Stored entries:
(* Let $F$ be a forest, let $T_1,\ldots,T_\ell$ be trees of $F$ (subgraphs of $F$ that are trees), and let $H$ be the graph with vertex set $\{1,\ldots,\ell\}$ in which distinct $i,j$ are adjacent if and only if $T_i,T_j$ are not anticomplete. If $H$ is bipartite then $H$ is a forest.
   Context: Two subgraphs of a graph are anticomplete if their vertex sets are disjoint and no edge of the graph joins a vertex of one to a vertex of the other. *)

From mathcomp Require Import all_boot.
Set Implicit Arguments. Unset Strict Implicit. Unset Printing Implicit Defensive.

Definition simple_graph (V : finType) (e : rel V) : Prop :=
  irreflexive e /\ symmetric e.

Definition is_cycle (V : finType) (e : rel V) (c : seq V) : bool :=
  (2 < size c) && path.cycle e c && uniq c.

Definition forest (V : finType) (e : rel V) : Prop :=
  simple_graph e /\ forall c : seq V, ~~ is_cycle e c.

Definition subgraph (V : finType) (e : rel V) (S : {set V}) (es : rel V) : Prop :=
  symmetric es /\ forall x y, es x y -> [&& e x y, x \in S & y \in S].

Definition is_tree (V : finType) (S : {set V}) (es : rel V) : Prop :=
  S != set0 /\ (forall x y, x \in S -> y \in S -> connect es x y)
  /\ forall c : seq V, ~~ is_cycle es c.

Definition tree_of (V : finType) (e : rel V) (S : {set V}) (es : rel V) : Prop :=
  subgraph e S es /\ is_tree S es.

Definition anticomplete (V : finType) (e : rel V) (A B : {set V}) : bool :=
  [disjoint A & B] && [forall x in A, forall y in B, ~~ e x y].

Definition bipartite (W : finType) (h : rel W) : Prop :=
  exists col : W -> bool, forall i j, h i j -> col i != col j.

Definition touch_graph (V : finType) (e : rel V) (l : nat) (S : 'I_l -> {set V})
  : rel 'I_l :=
  fun i j => (i != j) && ~~ anticomplete e (S i) (S j).
(* Let $\lambda$ be a partition, $\mu\in\mathcal{D}(\lambda)$ and $\nu\in\mathcal{U}(\lambda)$. Then \[ \lim_{q\to1}\gamma_{\nu/\lambda/\mu}(q,q)=(h_\lambda(c_{\mu,\nu}))^2, \] and consequently \[ \lim_{q\to1}\mathcal{P}_\lambda(\mu\rightarrow\nu)|_{t=q}=\lim_{q\to1}\overline{\mathcal{P}}_\lambda(\mu\leftarrow\nu)|_{t=q}=\frac{(H_\lambda)^2}{H_\mu H_\nu}\cdot\frac{1}{(h_\lambda(c_{\mu,\nu}))^2}. \]
   Context: Partitions are Young diagrams in French convention (cells $(x,y)\in\mathbb{Z}_{>0}^2$, $x\le\lambda_y$), $\lambda'$ the conjugate; for $c=(x,y)\in\lambda$, $a_\lambda(c)=\lambda_y-x$, $\ell_\lambda(c)=\lambda'_x-y$, $h_\lambda(c)=a_\lambda(c)+\ell_\lambda(c)+1$, $H_\kappa=\prod_{c\in\kappa}h_\kappa(c)$. $n(\kappa)=\sum_{c\in\kappa}\ell_\kappa(c)$, $n'(\kappa)=\sum_{c\in\kappa}a_\kappa(c)$, $n(\rho/\kappa)=n(\rho)-n(\kappa)$, $n'(\rho/\kappa)=n'(\rho)-n'(\kappa)$. $\mathcal{U}(\lambda)$ (resp. $\mathcal{D}(\lambda)$): partitions obtained by adding (resp. removing) one cell. For $\kappa\subseteq\rho$, $\mathcal{R}_{\rho/\kappa}$ (resp. $\mathcal{C}_{\rho/\kappa}$): cells of $\kappa$ in a row (resp. column) containing a cell of $\rho/\kappa$. $[i,j]=1-q^it^j$. For $\kappa\lessdot\rho$ (one-cell difference): $\alpha_{\rho/\kappa}=\prod_{c\in\mathcal{R}_{\rho/\kappa}}\frac{[a_\kappa(c),\ell_\kappa(c)+1]}{[a_\rho(c),\ell_\rho(c)+1]}\prod_{c\in\mathcal{C}_{\rho/\kappa}}\frac{[a_\kappa(c)+1,\ell_\kappa(c)]}{[a_\rho(c)+1,\ell_\rho(c)]}$, $\overline{\alpha}_{\rho/\kappa}=\prod_{c\in\mathcal{R}_{\rho/\kappa}}\frac{[a_\kappa(c)+1,\ell_\kappa(c)]}{[a_\rho(c)+1,\ell_\rho(c)]}\prod_{c\in\mathcal{C}_{\rho/\kappa}}\frac{[a_\kappa(c),\ell_\kappa(c)+1]}{[a_\rho(c),\ell_\rho(c)+1]}$, $\beta=1/\alpha$, $\overline{\beta}=1/\overline{\alpha}$. With $A=n'(\lambda/\mu)-n'(\nu/\lambda)$, $B=n(\nu/\lambda)-n(\lambda/\mu)$: $\gamma_{\nu/\lambda/\mu}(q,t)=\frac{(1-q^At^B)(1-q^{A+1}t^{B-1})}{(1-q)(1-t)}$, $\mathcal{P}_\lambda(\mu\rightarrow\nu)=t^{B-1}\alpha_{\nu/\lambda}\beta_{\lambda/\mu}/\gamma_{\nu/\lambda/\mu}$, $\overline{\mathcal{P}}_\lambda(\mu\leftarrow\nu)=t^{B-1}\overline{\alpha}_{\nu/\lambda}\overline{\beta}_{\lambda/\mu}/\gamma_{\nu/\lambda/\mu}$. The cell $c_{\mu,\nu}$: let $c_1$ be the cell in the row of $\nu/\lambda$ and the column of $\lambda/\mu$, and $c_2$ the cell in the column of $\nu/\lambda$ and the row of $\lambda/\mu$; exactly one of them lies in $\lambda$, and that one is $c_{\mu,\nu}$. *)

From HB Require Import structures.
From mathcomp Require Import all_boot all_order all_algebra.
From mathcomp Require Import all_classical all_reals all_analysis.
Set Implicit Arguments. Unset Strict Implicit. Unset Printing Implicit Defensive.
Import Order.TTheory GRing.Theory Num.Theory.

(* French convention: a cell is
   (x, y) with x the column and y the row, both >= 1, and x <= lambda_y. *)
Definition is_partition (l : seq nat) : bool :=
  sorted geq l && all (fun r => 0 < r) l.

(* lambda_y (row y, 1-indexed; 0 outside) *)
Definition prow (l : seq nat) (y : nat) : nat := nth 0 l y.-1.
Definition pcol (l : seq nat) (x : nat) : nat := count (fun r => x <= r) l.

Definition cells (l : seq nat) : seq (nat * nat) :=
  flatten [seq [seq (x.+1, y.+1) | x <- iota 0 (nth 0 l y)] | y <- iota 0 (size l)].

Definition arm (l : seq nat) (c : nat * nat) : nat := prow l c.2 - c.1.
Definition leg (l : seq nat) (c : nat * nat) : nat := pcol l c.1 - c.2.
Definition hook (l : seq nat) (c : nat * nat) : nat := arm l c + leg l c + 1.
Definition Hprod (l : seq nat) : nat := \prod_(c <- cells l) hook l c.
Definition nfun (l : seq nat) : nat := \sum_(c <- cells l) leg l c.
Definition nfun' (l : seq nat) : nat := \sum_(c <- cells l) arm l c.

Definition lessdot (k r : seq nat) : Prop :=
  [/\ is_partition k, is_partition r,
      forall i, nth 0 k i <= nth 0 r i & sumn r = (sumn k).+1].

Definition inD (lam mu : seq nat) : Prop := lessdot mu lam.
Definition inU (lam nu : seq nat) : Prop := lessdot lam nu.

Definition skew (r k : seq nat) : seq (nat * nat) :=
  [seq c <- cells r | c \notin cells k].
(* the (unique, when kappa <. rho) cell of rho/kappa *)
Definition skew_cell (r k : seq nat) : nat * nat := head (0, 0) (skew r k).

Definition Rcells (r k : seq nat) : seq (nat * nat) :=
  [seq c <- cells k | has (fun d => d.2 == c.2) (skew r k)].
Definition Ccells (r k : seq nat) : seq (nat * nat) :=
  [seq c <- cells k | has (fun d => d.1 == c.1) (skew r k)].

Definition c_mu_nu (lam mu nu : seq nat) : nat * nat :=
  let cl := skew_cell lam mu in
  let cn := skew_cell nu lam in
  let c1 := (cl.1, cn.2) in
  let c2 := (cn.1, cl.2) in
  if c1 \in cells lam then c1 else c2.

Local Open Scope ring_scope.

Section QT.
Variable R : realType.

Definition br (q t : R) (i j : nat) : R := 1 - q ^+ i * t ^+ j.
(* For the $n$-sun $S_n$, $n\ge 3$: $b(S_3)=1$, $b(S_n)=2$ for all $n\ge 4$, and $b^m(S_n)=2$ for all $n\ge 3$.
   Context: For $n\ge 3$, the $n$-sun $S_n$ is the graph with vertex set $\{x_1,\dots,x_n,y_1,\dots,y_n\}$ and edge set consisting of all edges $\{x_i,x_j\}$ for $1\le i<j\le n$, the edges $\{x_i,y_i\},\{x_{i+1},y_i\}$ for $1\le i<n$, and the edges $\{x_1,y_n\},\{x_n,y_n\}$. An EPG representation of a graph is a set of paths on a rectangular grid (sequences of grid points joined consecutively by grid edges), one per vertex, such that two vertices are adjacent iff their paths share a grid edge. A bend is a point of a path where a horizontal and a vertical grid edge of the path meet; a path is monotonic if it is ascending in both columns and rows. $B_k$ ($B_k^m$) is the class of graphs having an EPG representation in which every path has at most $k$ bends (and is monotonic). The bend number $b(G)$ is the smallest $k\in\mathbb{N}$ with $G\in B_k$, and the monotonic bend number $b^m(G)$ is the smallest $k\in\mathbb{N}$ with $G\in B_k^m$. *)

From mathcomp Require Import all_boot.
Set Implicit Arguments. Unset Strict Implicit. Unset Printing Implicit Defensive.

(* Grid points: (column, row) in nat * nat (every finite rectangular grid
   embeds, up to translation). *)
Definition point := (nat * nat)%type.

Definition grid_adj (a b : point) : bool :=
  ((a.1 == b.1) && ((a.2.+1 == b.2) || (b.2.+1 == a.2))) ||
  ((a.2 == b.2) && ((a.1.+1 == b.1) || (b.1.+1 == a.1))).

Definition grid_path (s : seq point) : bool := sorted grid_adj s && uniq s.

Definition horiz (a b : point) : bool := a.2 == b.2.

Fixpoint bends (s : seq point) : nat :=
  match s with
  | a :: ((b :: c :: _) as t) => (horiz a b != horiz b c) + bends t
  | _ => 0
  end.

Definition monotonic (s : seq point) : bool :=
  sorted (fun a b : point => (b == (a.1.+1, a.2)) || (b == (a.1, a.2.+1))) s.

Definition path_edges (s : seq point) : seq (point * point) := zip s (behead s).

Definition same_edge (e f : point * point) : bool :=
  ((e.1 == f.1) && (e.2 == f.2)) || ((e.1 == f.2) && (e.2 == f.1)).

Definition share_edge (s t : seq point) : bool :=
  has (fun e => has (same_edge e) (path_edges t)) (path_edges s).

Definition EPG_rep (V : finType) (adj : rel V) (P : V -> seq point) : Prop :=
  (forall v, grid_path (P v)) /\
  (forall u v, u != v -> adj u v = share_edge (P u) (P v)).

Definition in_B (k : nat) (V : finType) (adj : rel V) : Prop :=
  exists P : V -> seq point, EPG_rep adj P /\ (forall v, bends (P v) <= k).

Your task:
Wherever the word "sorted" turns up in the records above, copy the line that holds it.

Expected answer:
  sorted geq l && all (fun r => 0 < r) l.
Definition grid_path (s : seq point) : bool := sorted grid_adj s && uniq s.
  sorted (fun a b : point => (b == (a.1.+1, a.2)) || (b == (a.1, a.2.+1))) s.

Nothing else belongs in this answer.